**TASK TO CARRY OUT**
Once you know how many lines below hold "mathcomp", reply with that number and add nothing.

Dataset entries
==========
(* Let $(V_{cl}, V_{op}, m_{cl-op})$ be an open-closed field algebra and let $\mathbb{Y}_{cl-op}(u; z, \bar{z})v := m_{cl-op}^{(1;1)}(u;v;z,\bar{z};0)$ for $u\in V_{cl}$, $v\in V_{op}$, $z\in \mathbb{H}$. Then for $u\in V_{cl}$, \begin{eqnarray*} [\mathbf{d}_{op}, \mathbb{Y}_{cl-op}(u; z, \bar{z})] &=& \mathbb{Y}_{cl-op}((\mathbf{d}_{cl}^L + \mathbf{d}_{cl}^R)u; z, \bar{z}) + \left( z\frac{\partial}{\partial z} + \bar{z} \frac{\partial}{\partial \bar{z}} \right) \mathbb{Y}_{cl-op}(u; z, \bar{z}). \end{eqnarray*}
   Context: An open-closed field algebra consists of an $\mathbb{R}\times\mathbb{R}$-graded full field algebra $(V_{cl}, m_{cl}, \mathbf{d}_{cl}^L, \mathbf{d}_{cl}^R, D_{cl}^L, D_{cl}^R)$ (with left/right grading operators $\mathbf{d}_{cl}^L,\mathbf{d}_{cl}^R$), an $\mathbb{R}$-graded vector space $V_{op}$ with grading operator $\mathbf{d}_{op}$ and an operator $D_{op}$, and maps $m_{cl-op}^{(l;n)}: V_{cl}^{\otimes l}\otimes V_{op}^{\otimes n}\times M_{\mathbb{H}}^l\times\Lambda^n\to\overline{V}_{op}$ (with $M_{\mathbb{H}}^l$ the configuration space of $l$ distinct points in the upper half plane $\mathbb{H}$ and $\Lambda^n=\{r_1>\dots>r_n\geq 0\}$), linear in the vector arguments and smooth in the positions, satisfying identity, convergence, permutation, $D_{op}$ and the following grading property: for $a\in\mathbb{R}$, $e^{a\mathbf{d}_{op}} m_{cl-op}^{(l;n)}(u_1,\dots,u_l;v_1,\dots,v_n;z_1,\bar z_1,\dots,z_l,\bar z_l;r_1,\dots,r_n) = m_{cl-op}^{(l;n)}(e^{a(\mathbf{d}_{cl}^L+\mathbf{d}_{cl}^R)}u_1,\dots,e^{a(\mathbf{d}_{cl}^L+\mathbf{d}_{cl}^R)}u_l; e^{a\mathbf{d}_{op}}v_1,\dots,e^{a\mathbf{d}_{op}}v_n; e^az_1,e^a\bar z_1,\dots,e^az_l,e^a\bar z_l; e^ar_1,\dots,e^ar_n)$. *)

From HB Require Import structures.
From mathcomp Require Import all_boot all_order all_algebra.
From mathcomp Require Import all_classical all_reals topology normedtype derive sequences.
From mathcomp.analysis Require Import exp.
From mathcomp Require Import complex.
Set Implicit Arguments. Unset Strict Implicit. Unset Printing Implicit Defensive.
Import Order.TTheory GRing.Theory Num.Theory numFieldNormedType.Exports.
Local Open Scope ring_scope.
Local Open Scope complex_scope.

Section Defs.
Variable R : realType.
Local Notation C := (R[i]).

Definition pdx (f : R -> R -> R) : R -> R -> R :=
  fun x y => derive1 (fun t => f t y) x.
Definition pdy (f : R -> R -> R) : R -> R -> R :=
  fun x y => derive1 (fun t => f x t) y.

Fixpoint Ck_on (D : R -> R -> Prop) (k : nat) (f : R -> R -> R) : Prop :=
  match k with
  | 0 => forall x y, D x y -> {for (x, y), continuous (fun p : R * R => f p.1 p.2)}
  | k'.+1 =>
      (forall x y, D x y -> {for (x, y), continuous (fun p : R * R => f p.1 p.2)}) /\
      (forall x y, D x y ->
         derivable (fun t => f t y) x 1 /\ derivable (fun t => f x t) y 1) /\
      Ck_on D k' (pdx f) /\ Ck_on D k' (pdy f)
  end.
==========
**ANSWER SPACE**
4